Knowledge Base Ingestion

The ingestion module provides configuration and processing utilities for loading documents from directories into knowledge bases.

Overview

The ingestion system provides:

  • KnowledgeBaseConfig: Configuration for document processing
  • DirectoryProcessor: Processes documents according to configuration
  • Pattern matching: Glob patterns for file selection
  • Per-file configuration: Different settings per file type

Quick Start

from dataknobs_xization.ingestion import process_directory

# Process all files in directory
for doc in process_directory("./docs"):
    print(f"{doc.source_file}: {doc.chunk_count} chunks")

Configuration

KnowledgeBaseConfig

from dataknobs_xization.ingestion import KnowledgeBaseConfig, FilePatternConfig

config = KnowledgeBaseConfig(
    name="product-docs",

    # Default chunking for all files
    default_chunking={
        "max_chunk_size": 500,
    },

    # File patterns
    patterns=[
        FilePatternConfig(
            pattern="api/**/*.json",
            text_fields=["title", "description"],
        ),
        FilePatternConfig(pattern="**/*.md"),
    ],

    # Exclusions
    exclude_patterns=["**/drafts/**", "**/.git/**"],

    # Default metadata
    default_metadata={"version": "1.0"},
)

Config File

Create knowledge_base.json or knowledge_base.yaml in your docs directory:

name: product-docs
default_chunking:
  max_chunk_size: 500

patterns:
  - pattern: "api/**/*.json"
    text_fields:
      - title
      - description
  - pattern: "**/*.md"

exclude_patterns:
  - "**/drafts/**"

Processing Documents

DirectoryProcessor

from dataknobs_xization.ingestion import DirectoryProcessor, KnowledgeBaseConfig

config = KnowledgeBaseConfig.load("./docs")
processor = DirectoryProcessor(config, "./docs")

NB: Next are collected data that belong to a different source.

Lemma ln_volB_ge :
  v * ln 2 + ln (1 / (exp 1 * (INR d + 2 * u))) / 2 <= gR d r * ln (volB d r).
Proof.
  pose proof rsum_half_inv_pos. pose proof rsum_half_inv_bounds. pose proof gR_bounds.
  pose proof vmin_pos. pose proof vmin_le_umax. pose proof ln_lt_2. pose proof (exp_pos 1).
  assert (HINR : 0 < INR d) by (apply lt_0_INR; lia).
  pose proof (sum_ln_Gamma_succ_ge d a ltac:(lia) half_inv_pos) as HL. fold s L in HL.
  assert (Hdiv : (ln s - ln (INR d) - 1 - ln (1 + s)) / 2
                 <= (L - ln (Gamma (1 + s))) / (2 * s)).
  { apply Rmult_le_reg_r with (2 * s); [lra |].
    replace ((L - ln (Gamma (1 + s))) / (2 * s) * (2 * s)) with (L - ln (Gamma (1 + s)))
      by (field; lra).
    replace ((ln s - ln (INR d) - 1 - ln (1 + s)) / 2 * (2 * s))
      with (s * (ln s - ln (INR d) - 1 - ln (1 + s))) by field. exact HL. }
  assert (Hcmp : ln (INR d) + ln (1 + s) <= ln s + ln (INR d + 2 * u)).
  { rewrite <- !ln_mult by lra. apply ln_le; nra. }
  assert (Hln2 : v * ln 2 <= INR d * gR d r * ln 2) by (apply Rmult_le_compat_r; lra).
  rewrite gR_ln_volB, ln_div, ln_1, ln_mult, ln_exp by nra. lra.
Qed.

Lemma ln_volB_le :
  gR d r * ln (volB d r)
  <= u * ln 2 + u / (2 * v) * ln ((2 * v + 1) / (2 * v)) + ln (2 * exp 1 * u / INR d) / 2.
Proof.
  pose proof rsum_half_inv_pos. pose proof rsum_half_inv_bounds. pose proof gR_bounds.
  pose proof vmin_pos. pose proof vmin_le_umax. pose proof ln_lt_2. pose proof (exp_pos 1).
  assert (HINR : 0 < INR d) by (apply lt_0_INR; lia).
  set (lam := ln ((2 * v + 1) / (2 * v))).
  assert (Hlam : lam = ln (1 + 1 / (2 * v))) by (unfold lam; f_equal; field; lra).
  assert (Hlam_pos : 0 <= lam).
  { rewrite Hlam, <- ln_1. apply ln_le; [lra |].
    assert (0 < 1 / (2 * v)) by (apply Rdiv_lt_0_compat; lra). lra. }
  pose proof (sum_ln_Gamma_succ_le d a ltac:(lia) half_inv_pos _ half_inv_le) as HL.
  fold s L in HL. rewrite <- Hlam in HL.
  assert (Hdiv : (L - ln (Gamma (1 + s))) / (2 * s) <= (lam - ln s + 1) / 2).
  { apply Rmult_le_reg_r with (2 * s); [lra |].
    replace ((L - ln (Gamma (1 + s))) / (2 * s) * (2 * s)) with (L - ln (Gamma (1 + s)))
      by (field; lra).
    replace ((lam - ln s + 1) / 2 * (2 * s)) with (s * (lam - ln s + 1)) by field. exact HL. }
  assert (Hlam_u : lam / 2 <= u / (2 * v) * lam).
  { apply Rmult_le_reg_r with (2 * v); [lra |].
    replace (u / (2 * v) * lam * (2 * v)) with (u * lam) by (field; lra).
    replace (lam / 2 * (2 * v)) with (v * lam) by field.
    apply Rmult_le_compat_r; lra. }
  assert (Hcmp : ln (INR d) <= ln 2 + ln u + ln s).
  { rewrite <- !ln_mult by lra. apply ln_le; lra. }
  assert (Hln2 : INR d * gR d r * ln 2 <= u * ln 2) by (apply Rmult_le_compat_r; lra).
  rewrite gR_ln_volB, ln_div, !ln_mult, ln_exp by nra. lra.
Qed.
End Ball.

for doc in processor.process():
    if doc.has_errors:
        print(f"Error: {doc.source_file}: {doc.errors}")
    else:
        print(f"Processed: {doc.source_file}: {doc.chunk_count} chunks")
        for chunk in doc.chunks:
            print(f"  - {chunk['text'][:50]}...")

ProcessedDocument

@dataclass
class ProcessedDocument:
    source_file: str              # Path to source file
    document_type: str            # "markdown", "json", or "jsonl"
    chunks: list[dict[str, Any]]  # Processed chunks
    metadata: dict[str, Any]      # Document metadata
    errors: list[str]             # Processing errors

    @property
    def chunk_count(self) -> int: ...

    @property
    def has_errors(self) -> bool: ...

Integration with RAGKnowledgeBase

from dataknobs_bots.knowledge import RAGKnowledgeBase, KnowledgeBaseConfig

kb = await RAGKnowledgeBase.from_config(config)

# Load documents using ingestion config
kb_config = KnowledgeBaseConfig(
    name="docs",
    patterns=[
        FilePatternConfig(pattern="**/*.md"),
        FilePatternConfig(pattern="api/*.json", text_fields=["title", "body"]),
    ],
)

results = await kb.load_from_directory("./docs", config=kb_config)
print(f"Loaded {results['total_chunks']} chunks")

Supported File Types

Type Extension Processing
Markdown .md Tree-based chunking with heading preservation
JSON .json Template or field-based text generation
JSONL .jsonl, .ndjson Streaming line-by-line processing
Compressed .json.gz, .jsonl.gz Automatic decompression